With this model, interfaces are distinct from server implementations as there may be many instantiations of servers implementing the same interface. This can be a powerful tool to make the overall system more generic. To aid genericy, meta-information services (e.g. Naming, Trading & Directory services) can be used so that clients are able to locate and access an appropriate server for their needs.

GIS Architecture

Spatial data holds some challenges in implementing a multi-tier architecture. GIS products have traditionally had a monolithic architecture, with presentation, business logic, and data storage all in the one program. A number of different proprietary data storage formats have arisen. Special spatial indexing is required for the storage and efficient  retrieval of spatial data. GIS and database companies are now delivering products that allow for the storage and retrieval of spatial data to be separated from the business logic and presentation tiers. Given this, separating the business logic from the presentation of spatial data is then the next logical architectural step.

Most GIS models tend to implement an abstraction commonly known as  layers, themes, or coverages which contain geometric entities and their textual (or numeric) attributes. Integration with other textual information sources is achieved through ODBC and SQL based connections to relational databases. However, the majority of information systems throughout the world are not in relational databases and are not SQL compliant.

For the Internet deployment of spatial information systems, a map image server which takes vector data and delivers raster images to a web browser is sometimes used. The map image server may be a full GIS product and respond to mouse clicks on the image. With this architecture, the presentation is effectively split between the web browser and the GIS product, similar to X-Windows. The GIS product still contains much of the presentation logic as well as all the business logic for the spatial data.
 
The InfoShop.SA architecture is specifically designed to allow for the separation of the data access, business, and presentation logic layers, with well defined and open interfaces incorporating spatial, textual and image information.

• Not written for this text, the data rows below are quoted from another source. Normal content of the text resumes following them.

Lemma cauchy_int2_linear a F G : ccont_on F outside_unit -> ccont_on G outside_unit ->
  cauchy_int2 (fun u => Cadd (Cmul a (F u)) (G u)) = Cadd (Cmul a (cauchy_int2 F)) (cauchy_int2 G).
Proof.
 intros HF HG. unfold cauchy_int2, circle2_integral. cbv zeta.
 set (f1 := fun th => fst (Cmul (F (gam th)) (dgam th))).
 set (f2 := fun th => snd (Cmul (F (gam th)) (dgam th))).
 set (g1 := fun th => fst (Cmul (G (gam th)) (dgam th))).
 set (g2 := fun th => snd (Cmul (G (gam th)) (dgam th))).
 assert (E1 : (fun th => fst (Cmul (Cadd (Cmul a (F (gam th))) (G (gam th))) (dgam th))) =
   (fun th => plus (minus (scal (fst a) (f1 th)) (scal (snd a) (f2 th))) (g1 th))).
 { apply functional_extensionality; intro th.
   unfold f1, f2, g1, scal, minus, plus, opp; simpl. unfold mult; simpl. ring. }
 assert (E2 : (fun th => snd (Cmul (Cadd (Cmul a (F (gam th))) (G (gam th))) (dgam th))) =
   (fun th => plus (plus (scal (fst a) (f2 th)) (scal (snd a) (f1 th))) (g2 th))).
 { apply functional_extensionality; intro th.
   unfold f2, f1, g2, scal, minus, plus, opp; simpl. unfold mult; simpl. ring. }
 assert (I1 : ex_RInt f1 0 (2 * PI)) by (apply (gam_integrable fst); auto; red; auto).
 assert (I2 : ex_RInt f2 0 (2 * PI)) by (apply (gam_integrable snd); auto; red; auto).
 assert (J1 : ex_RInt g1 0 (2 * PI)) by (apply (gam_integrable fst); auto; red; auto).
 assert (J2 : ex_RInt g2 0 (2 * PI)) by (apply (gam_integrable snd); auto; red; auto).
 assert (Hscal : forall c f, ex_RInt f 0 (2 * PI) -> ex_RInt (fun th => scal c (f th)) 0 (2 * PI))
   by (intros; apply (ex_RInt_scal (V:=R_NormedModule)); auto).
 assert (Hplus : forall f f', ex_RInt f 0 (2 * PI) -> ex_RInt f' 0 (2 * PI) ->
                 ex_RInt (fun th => plus (f th) (f' th)) 0 (2 * PI))
   by (intros; apply (ex_RInt_plus (V:=R_NormedModule)); auto).
 assert (Hminus : forall f f', ex_RInt f 0 (2 * PI) -> ex_RInt f' 0 (2 * PI) ->
                  ex_RInt (fun th => minus (f th) (f' th)) 0 (2 * PI))
   by (intros; apply (ex_RInt_minus (V:=R_NormedModule)); auto).
 rewrite E1, E2, !RInt_eq by auto.
 rewrite !(RInt_plus (V:=R_CompleteNormedModule)) by auto.
 rewrite !(RInt_minus (V:=R_CompleteNormedModule)) by auto.
 rewrite !(RInt_scal (V:=R_CompleteNormedModule)) by auto.
 assert (HPI := PI_RGT_0).
 unfold Cdiv, Cinv, scal, minus, plus, opp; simpl. unfold mult; simpl.
 apply Cx_eq; simpl; field; lra.
Qed.

Lemma cauchy_int2_zero : cauchy_int2 (fun _ => C0) = C0.
Proof.
 assert (HPI := PI_RGT_0).
 unfold cauchy_int2, circle2_integral, Cdiv, Cinv; simpl.
 replace (fun th : R => 0 * (- 2 * sin th) - 0 * (2 * cos th)) with (fun _ : R => 0)
   by (apply functional_extensionality; intro; ring).
 replace (fun th : R => 0 * (2 * cos th) + 0 * (- 2 * sin th)) with (fun _ : R => 0)
   by (apply functional_extensionality; intro; ring).
 rewrite RInt_eq by apply ex_RInt_const. rewrite RInt_const.
 apply Cx_eq; simpl; unfold scal; simpl; unfold mult; simpl; field; lra.
Qed.

Lemma cauchy_int2_sum n (c : nat -> Cx) (F : nat -> Cx -> Cx) :
  (forall k, ccont_on (F k) outside_unit) ->
  cauchy_int2 (fun u => Csum n (fun k => Cmul (c k) (F k u)))
  = Csum n (fun k => Cmul (c k) (cauchy_int2 (F k))).
Proof.
 intros HF. unfold Csum. induction (seq 0 n) as [|k l IH]; simpl.
 - apply cauchy_int2_zero.
 - rewrite <- IH. apply cauchy_int2_linear; [apply HF |].
   clear IH. intros u Hu. induction l as [|k' l IHl]; simpl.
   + apply ccont_const.
   + apply ccont_add; [apply ccont_mul; [apply ccont_const | apply HF; auto] | exact IHl].
Qed.

Lemma gterm_holo K t1 t2 m j : holo_on (gterm K t1 t2 m j) outside_unit.
Proof.
 unfold gterm, weight. apply holo_on_div.
 - apply holo_on_mul; [apply holo_on_mul |].
   + apply holo_on_pow, holo_on_sub; [apply holo_on_id | apply holo_on_const].
   + apply holo_on_pow, holo_on_id.
   + apply holo_on_exp, holo_on_add.
     * apply holo_on_div; [apply holo_on_const | | apply Cnonzero_sub1].
       apply holo_on_sub; [apply holo_on_id | apply holo_on_const].
     * apply holo_on_div; [apply holo_on_const | | apply Cnonzero_add1].
       apply holo_on_add; [apply holo_on_id | apply holo_on_const].
 - apply holo_on_mul; apply holo_on_pow.
   + apply holo_on_sub; [apply holo_on_id | apply holo_on_const].
   + apply holo_on_add; [apply holo_on_id | apply holo_on_const].
 - apply Cnonzero_gterm_den.
Qed.

Lemma qterm_cont0 K t1 t2 m d :
  ccont (U := prod_UniformSpace R_UniformSpace R_UniformSpace) (qterm K t1 t2 m d) C0.
Proof.
 unfold qterm, inv_exponent. apply ccont_div.
 - apply ccont_mul; [apply ccont_mul |].
   + apply ccont_pow, ccont_sub; [apply ccont_const | apply ccont_id].
   + apply ccont_pow, ccont_id.
   + apply ccont_exp, ccont_add.
     * apply ccont_div; [apply ccont_mul; [apply ccont_const | apply ccont_id] | | apply Cnonzero_1sub0].
       apply ccont_sub; [apply ccont_const | apply ccont_id].
     * apply ccont_div; [apply ccont_mul; [apply ccont_const | apply ccont_id] | | apply Cnonzero_1add0].
       apply ccont_add; [apply ccont_const | apply ccont_id].
 - apply ccont_mul; apply ccont_pow.
   + apply ccont_sub; [apply ccont_const | apply ccont_id].
   + apply ccont_add; [apply ccont_const | apply ccont_id].
 - apply Cnonzero_qterm_den.
Qed.

Lemma cauchy_int2_gterm K t1 t2 m j d : (m + j + 1 + d = K + K)%nat ->
  cauchy_int2 (gterm K t1 t2 m j) = qterm K t1 t2 m d C0.
Proof.
 intros Hd. apply residue_at_infinity.
 - apply gterm_holo.
 - intros u Hu. apply qterm_inv; auto.
 - apply qterm_cont0.
Qed.

End Analysis.

Import Algebra Analysis.

Theorem lemma1 (K : nat) (hK : (1 <= K)%nat) (t1 t2 : Cx) :
  det (2 * K) (Amat K t1 t2) = Cpow (RtoC (-2)) (K * K).
Proof.
 replace (2 * K)%nat with (K + K)%nat by lia.
 apply (@det_Amat_factor K t1 t2 (fun m j => cauchy_int2 (gterm K t1 t2 m j))).
 - intros i j Hi _. rewrite Amat_Aint.
   rewrite (cauchy_int2_ext _ _ (fun u => @Aint_expand K t1 t2 i j u Hi)).
   apply cauchy_int2_sum. intros m. apply (proj1 (gterm_holo K t1 t2 m j)).
 (* Below the antidiagonal, q_{m,d}(0) = 0 since d > 0 ... *)
 - intros m j Hmj.
   rewrite (cauchy_int2_gterm K t1 t2 m j (Nat.pred (K + K) - (m + j))) by lia.
   rewrite qterm_at0. destruct (Nat.pred (K + K) - (m + j))%nat eqn:E; [lia | reflexivity].
 (* ... and on it q_{m,0}(0) = 1. *)
 - intros m j Hmj. rewrite (cauchy_int2_gterm K t1 t2 m j 0) by lia. apply qterm_at0.
Qed.
Lemma translation_correct : (forall f, form_correct f) /\ (forall p, prog_correct p).
Proof.
apply: form_prog_ind.
- by move=> a d s nu S sub _ _ E; apply: tr0_iff.
- by move=> g IH d s nu S sub sd C E; apply/iff_negb/IH.
- move=> g IHg h IHh d s nu S /sub_catP[subg subh] sd C E.
  by apply: iff_andb; [apply: IHg | apply: IHh].
- exact: FBox_correct.
- exact: FA_correct.
- exact: FR_correct.
- exact: FAreal_correct.
- exact: FRreal_correct.
- by move=> p IHp g IHg; apply: FProg_correct.
- exact: PAdd_correct.
- exact: PRem_correct.
- by move=> p1 IH1 p2 IH2; apply: PSeq_correct.
- by move=> p1 IH1 p2 IH2; apply: PUnion_correct.
- exact: PTest_correct.
Qed.

End Translation.

Theorem proposition3 (n : nat) (Gamma : 'I_n -> list (L0 n)) (phi0 : form n)
    (S0 : state n) :
  in_SG Gamma S0 ->
  (sat (in_SG Gamma) S0 phi0 <-> qbf_true (translation Gamma phi0 S0)).
Proof.
move=> S0_in; set atms := atoms_of Gamma phi0.
have Gamma_atoms j a : a \in Gamma j -> {subset atoms0 a <= atms}.
  move=> aG x xa; rewrite mem_cat; apply/orP; left; apply/flattenP.
  exists (flatten [seq atoms0 a | a <- Gamma j]); first by apply/mapP; exists j; rewrite ?mem_enum.
  by apply/flattenP; exists (atoms0 a); rewrite ?map_f.
have phi0_atoms : {subset atoms_form phi0 <= atms} by move=> x xa; rewrite mem_cat xa orbT.
have C0 : vocab_clean Gamma (fun _ : qvar n => false) by [].
have [tr_correct _] := translation_correct Gamma_atoms.
rewrite /qbf_true /translation -/atms qeval_QExistsL; split=> [H|[nu E /andP[D Ht]]].
  have [C E _] := relevel_set_level atms 0 C0 S0_in.
  exists (set_level Gamma atms (fun _ => false) 0 S0); first exact: set_level_eq_outside.
  by apply/andP; split; [apply/desc_iff | apply/(tr_correct phi0 1 0 _ S0)].
have E0 := (desc_iff _ _ _ S0_in).1 D; have [C _ _] := relevel_eq_outside C0 E E0.
exact/(tr_correct phi0 1 0 _ S0 phi0_atoms _ C E0).
Qed.
Lemma EQminus_restrict : EQminus e (restrict C) \subset EC.
Proof.
apply/subsetP => s; rewrite !inE sub_vertices_restrict.
case/andP=> /andP[sNEQC sed] /[dup] touch /exists_inP[z zs zC]; rewrite touch andbT.
have sNEQ : s \notin EQ.
  by apply: contra sNEQC => sEQ; rewrite sEQ (EQ_subset_C sEQ zs zC).
apply: (subsetP EQminus_E); rewrite !inE sNEQ sed /=.
by apply/exists_inP; exists z; rewrite ?C_Qv.
Qed.

Lemma orientation_restrict : orientation_of EC AC.
Proof.
split=> [x y | x y xNy].
  by rewrite !inE => /andP[/arc_edge -> xC]; apply/exists_inP; exists x; rewrite ?set21.
rewrite inE => /andP[sE /exists_inP[z zs zC]].
have AC_A a b : z \in [set a; b] -> ((a, b) \in AC) = ((a, b) \in A).
  move=> zab; rewrite inE /= andb_idr // => ab.
  by case/set2P: zab zC => -> // bC; rewrite (negbTE (C_source a bC)) in ab.
have zyx : z \in [set y; x] by rewrite setUC.
by rewrite (AC_A _ _ zs) (AC_A _ _ zyx); apply: A_orients_E.2.
Qed.

Lemma restrict_arcsP a :
  a \in AC <-> exists2 v, v \in C & a \in arcs_of v [:: succ v].
Proof.
case: a => x y; rewrite inE /=; split => [/andP[xy xC] | [v vC]].
  by exists x; rewrite // mem_seq1 xpair_eqE eqxx -out_arcE ?C_Qv.
by rewrite mem_seq1 xpair_eqE => /andP[/eqP-> /eqP->]; rewrite out_arcE ?C_Qv ?eqxx.
Qed.

Lemma restrict_good : C != set0 -> good_subgraph e (restrict C).
Proof.
case/set0Pn=> v0 v0C; split.
- have /sub_verticesP[s sEQ v0s] := C_Qv v0C.
  by apply/set0Pn; exists s; rewrite inE sEQ (EQ_subset_C sEQ v0s v0C).
- by apply/subsetP => s; rewrite inE => /andP[/(subsetP EQ_edges)].
exists EC; split; first exact: EQminus_restrict.
  apply/subsetP => s; rewrite inE => /andP[/(subsetP E_edges)].
  by rewrite !inE negb_and => /andP[-> ->].
exists AC; split; first exact: orientation_restrict.
have succ_arc v : v \in C -> (v, succ v) \in A by move=> vC; rewrite out_arcE ?C_Qv.
exists (fun v => [:: succ v]); rewrite sub_vertices_restrict; split.
- move=> v vC; rewrite /= !inE succ_arc // vC !andbT.
  by apply: contraTneq (arc_rel (succ_arc v vC)) => <-; rewrite e_irr.
- exact: restrict_arcsP.
- move=> v vC; have [outv degv] := deg_start (C_Qv vC); split.
    by rewrite -outv; apply: eq_card => y; rewrite !inE vC andbT.
  have := din_restrict v; rewrite din_source // leqn0 => /eqP->.
  by rewrite degQ_restrict // -degv din_source.
- by [].
move=> v x vC xE; apply: leq_ltn_trans (din_restrict x) _.
case: xE => ->; first exact: deg_end (C_Qv vC) (or_introl erefl).
exact: din_lt_degH_head (succ_arc v vC).
Qed.

End Restriction.

Local Notation component x0 := [set v | connect Qrel x0 v].

Lemma component_is_tree x0 : is_tree (component x0) (sub_rel (restrict (component x0))).
Proof.
split.
- by apply/set0Pn; exists x0; rewrite inE connect0.
- move=> x y; rewrite !inE => x0x x0y.
  have /connectP[p pp ->] : connect Qrel x y.
    by apply: connect_trans x0y; rewrite (sym_connect_sym (@sub_relC _ EQ)).
  have allC : all (mem (component x0)) (x :: p).
    by apply/allP => z /(path_connect pp) xz; rewrite !inE (connect_trans x0x xz).
  exists p; split => //; last by case/andP: allC.
  apply: sub_in_path allC pp => a b aC bC ab.
  by move: ab; rewrite /sub_rel inE subUset !sub1set => ->; rewrite aC bC.
- move=> c _ uc sc; apply: contra (e_acyclic uc sc); apply: sub_cycle => a b.
  by rewrite /sub_rel inE => /andP[/Qrel_rel].
Qed.

Lemma good_subtree_exists :
  exists EQ', good_subgraph e EQ' /\ is_tree (sub_vertices EQ') (sub_rel EQ').
Proof.
have [x0 x0Q src] := source_component.
have comp_closed a b : Qrel a b -> a \in component x0 -> b \in component x0.
  by rewrite !inE => ab x0a; apply: connect_trans x0a (connect1 ab).
have comp_Qv : {subset component x0 <= Qv}.
  move=> v; rewrite inE => x0v.
  rewrite -(closed_connect _ x0v) // => a b ab.
  by rewrite (sub_rel_vertex ab) (@sub_rel_vertex _ _ b a) // sub_relC.
exists (restrict (component x0)); rewrite sub_vertices_restrict //.
split; last exact: component_is_tree.
apply: restrict_good => //; first by move=> y v; rewrite inE; apply: src.
by apply/set0Pn; exists x0; rewrite inE connect0.
Qed.
(* A point of the partition may be a twice-differentiability point of
   [head_row \o h] but not of [h]; the partition is first shifted off those. *)
Lemma var_deriv_head_row (h : R -> 'rV[R]_d'.+1) :
  finite_set [set x | ~ twice_diff h x] ->
  (var_deriv (head_row \o h) <= var_deriv h)%E.
Proof.
move=> fin_bad; apply: ge_ereal_sup => _ [s [sorted_s td_s] <-].
set phi := fun y => derive1 (head_row \o h) y 0 0.
have cont_phi x : x \in s -> {for x, continuous phi}.
  move=> /td_s [_ dx].
  apply: (@continuous_comp _ _ _ (derive1 (head_row \o h)) (fun M : 'rV[R]_1 => M 0 0)).
    by apply: differentiable_continuous; exact/derivable1_diffP.
  exact: coord_continuous.
under eq_bigr do rewrite enorm_row1 [X in `|X|]mxE [X in `|_ + X|]mxE -!/(phi _).
apply/lee_addgt0Pr => e e_gt0; set m := size s.
set ep := e / (2 * m%:R + 1).
have ep_gt0 : 0 < ep by rewrite divr_gt0 // ltr_wpDl // mulr_ge0.
have ep_e : ep * (2 * m%:R + 1) = e by rewrite divfK // gt_eqF // ltr_wpDl // mulr_ge0.
have [s' [size_s' sorted_s' avoid_s' close_s' _]] :=
  sorted_shift_avoid fin_bad ep_gt0 sorted_s cont_phi.
have td_s' y : y \in s' -> twice_diff h y.
  by move=> /avoid_s' nB; apply: contrapT.
have phi_s' y : y \in s' -> phi y = derive1 h y 0 0.
  by move=> /td_s' [/nbhs_singleton dh _]; rewrite /phi !derive1E derive_head_row // head_row00.
set S' := \sum_(i < (size s').-1)
  enorm (derive1 h (nth 0 s' i.+1) - derive1 h (nth 0 s' i)).
have S'_le : (S'%:E <= var_deriv h)%E by apply: ereal_sup_ubound; exists s'.
apply: le_trans (leeD2r _ S'_le); rewrite -EFinD lee_fin.
apply: le_trans (sum_dist_le_shift close_s') _; rewrite /S' size_s' lerD //.
  apply: ler_sum => i _; have i_lt : (i.+1 < m)%N by have := ltn_ord i; lia.
  rewrite !phi_s' ?mem_nth ?size_s' ?(ltnW i_lt) //.
  have := norm_le_enorm (derive1 h (nth 0 s' i.+1) - derive1 h (nth 0 s' i)).
  by rewrite mxE [X in _ + X]mxE.
have : (m.-1)%:R <= m%:R :> R by rewrite ler_nat leq_pred.
rewrite -mulr_natr; nra.
Qed.
Lemma Rbar_le_mult_Glb_Rbar (E : R -> Prop) K (l : Rbar) : 0 < K ->
  (forall L, E L -> Rbar_le l (K * L)) -> Rbar_le l (Rbar_mult K (Glb_Rbar E)).
Proof.
  intros HK H; destruct (Glb_Rbar_correct E) as [_ Hglb].
  destruct l as [s | |]; [| | exact I].
  - assert (Hlb : Rbar_le (s / K) (Glb_Rbar E)).
    { apply Hglb; intros L HL; specialize (H L HL); simpl in *.
      apply Rle_div_l; [exact HK | lra]. }
    destruct (Glb_Rbar E) as [u | |].
    + simpl in Hlb |- *; apply Rle_div_l in Hlb; [lra | exact HK].
    + rewrite Rbar_mult_pos_p_infty by exact HK; exact I.
    + destruct Hlb.
  - assert (Hp : Glb_Rbar E = p_infty).
    { apply Rbar_le_antisym; [destruct (Glb_Rbar E); exact I |].
      apply Hglb; intros L HL; exact (H L HL). }
    rewrite Hp, Rbar_mult_pos_p_infty by exact HK; exact I.
Qed.

Lemma Glb_Rbar_le_mult (ES EU : R -> Prop) K : 0 < K ->
  (forall L, EU L -> exists L', ES L' /\ L' <= K * L) ->
  Rbar_le (Glb_Rbar ES) (Rbar_mult K (Glb_Rbar EU)).
Proof.
  intros HK H; apply Rbar_le_mult_Glb_Rbar; [exact HK |].
  intros L HL; destruct (H L HL) as [L' [HL' Hle]].
  apply Rbar_le_trans with (Finite L'); [apply (proj1 (Glb_Rbar_correct ES)), HL' | exact Hle].
Qed.

Theorem lemma4 (K : R) (f : C -> C) :
  1 <= K -> HQR K unit_disk strip f ->
  forall z1 z2 : C, unit_disk z1 -> unit_disk z2 ->
    Rbar_le (d_S (f z1) (f z2)) (Rbar_mult K (d_U z1 z2)).
Proof.
  intros HK Hf z1 z2 _ _; unfold d_S, d_U, hdist.
  apply Glb_Rbar_le_mult; [lra |].
  intros L [gam [Hgam ->]].
  exists (curve_length rho_S (image_curve f gam)); split.
  - exists (image_curve f gam); split; [exact (image_curve_C1 K f Hf gam z1 z2 Hgam) | reflexivity].
  - exact (image_curve_length_le K f Hf gam z1 z2 Hgam).
Qed.
(* We have \[ n_q(k,s)=\sum_{i=1}^{s} q^{(s-i)(k-i-s+1)}\genfrac{[}{]}{0pt}{}{s-1}{i-1}_q\genfrac{[}{]}{0pt}{}{k-s}{i}_q. \]
   Context: $q$ is a prime power. For a $(k - s)$-dimensional affine subspace $H$ of $\mathbb{F}_q^k$ not passing through the origin, $n_q(k,s)$ denotes the number of $s$-dimensional affine subspaces through the origin that are disjoint from $H$ (this is independent of the choice of $H$). For integers $0 \leq s \leq k$, the $q$-binomial (Gaussian) coefficient is $\genfrac{[}{]}{0pt}{}{k}{s}_q = \frac{(q^k - 1) \cdots (q^{k - s+ 1} - 1)}{(q^s - 1) \cdots (q - 1)}$ (empty product equal to $1$), and it is defined to be $0$ for other values of $s,k$. *)

From HB Require Import structures.
From mathcomp Require Import all_boot all_order all_algebra all_field.
Set Implicit Arguments. Unset Strict Implicit. Unset Printing Implicit Defensive.
Import GRing.Theory.

Definition qbinom (q k s : nat) : nat :=
  if s <= k then
    (\prod_(i < s) (q ^ (k - i) - 1)) %/ (\prod_(i < s) (q ^ i.+1 - 1))
  else 0.

Definition is_lin_subspace (F : finFieldType) (k : nat) (S : {set 'rV[F]_k}) : bool :=
  ((0 : 'rV[F]_k)%R \in S) &&
  [forall u in S, forall v in S, forall c : F, (c *: u + v)%R \in S].

Definition set_dim (F : finFieldType) (k : nat) (S : {set 'rV[F]_k}) : nat :=
  \dim <<enum S>>%VS.

Definition affine_set (F : finFieldType) (k : nat) (a : 'rV[F]_k)
  (V : {vspace 'rV[F]_k}) : {set 'rV[F]_k} :=
  [set x | (x - a)%R \in V].

(* n_q(k,s) relative to the affine subspace H = a + V:
   number of s-dimensional linear subspaces disjoint from H. *)
Definition n_count (F : finFieldType) (k s : nat) (a : 'rV[F]_k)
  (V : {vspace 'rV[F]_k}) : nat :=
  #|[set S : {set 'rV[F]_k} | is_lin_subspace S && (set_dim S == s)
        && [disjoint S & affine_set a V]]|.

From mathcomp Require Import all_boot all_order all_algebra all_field.
From mathcomp Require Import zify ring.
Set Implicit Arguments. Unset Strict Implicit. Unset Printing Implicit Defensive.
Import GRing.Theory.

(* Put W = V + <[a]>.  Every vector of W outside V is a nonzero multiple of a vector
   of a + V, so an s-dimensional subspace U misses a + V iff U :&: W <= V.  Sort these
   U by j = dim (U :&: V) and double count the pairs (u, y) where u is a j-tuple
   independent in V and y an (s - j)-tuple independent modulo W: each pair spans such
   a U with U :&: V = <<u>>, and each such U is spanned by exactly as many pairs as
   there are bases u of U :&: V followed by completions y to a basis of U.  Both
   counts are products of differences of powers of q, and their quotient is the j-th
   summand; j = 0 contributes nothing because W has dimension k - s + 1. *)

Section QBinomial.
Variable q : nat.
Hypothesis q_gt1 : 1 < q.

InfoShop.SA: A Framework for an Online Integrated Enquiry System

The InfoShop.SA mission is to define an application framework for the enquiry and delivery of integrated information from various custodians in a scalable, secure, and accountable manner: Fundamental use is made of the Object Management Group's (OMG) Common Object Request Broker Architecture (CORBA). The information services are provided through CORBA distributed objects. These objects encapsulate business logic. They may retrieve data in various ways: Whatever the source of data, the goal is to create publishable interfaces to business level objects, hence, CORBA IDL (Interface Definition Language) is used to define the interfaces to these objects. Other defined CORBA standard services can be used for meta-information services, to help in selecting an appropriate object.
 
The clients bind to objects and execute their methods by means of an Object Request Broker (ORB), which is effectively distributed object middleware. Many ORB products are available from numerous vendors. Communication with objects is achieved via the Internet Inter-ORB Protocol (IIOP) which constitutes the low level wire protocol. Interoperation between products and vendors is achieved through use of this standard.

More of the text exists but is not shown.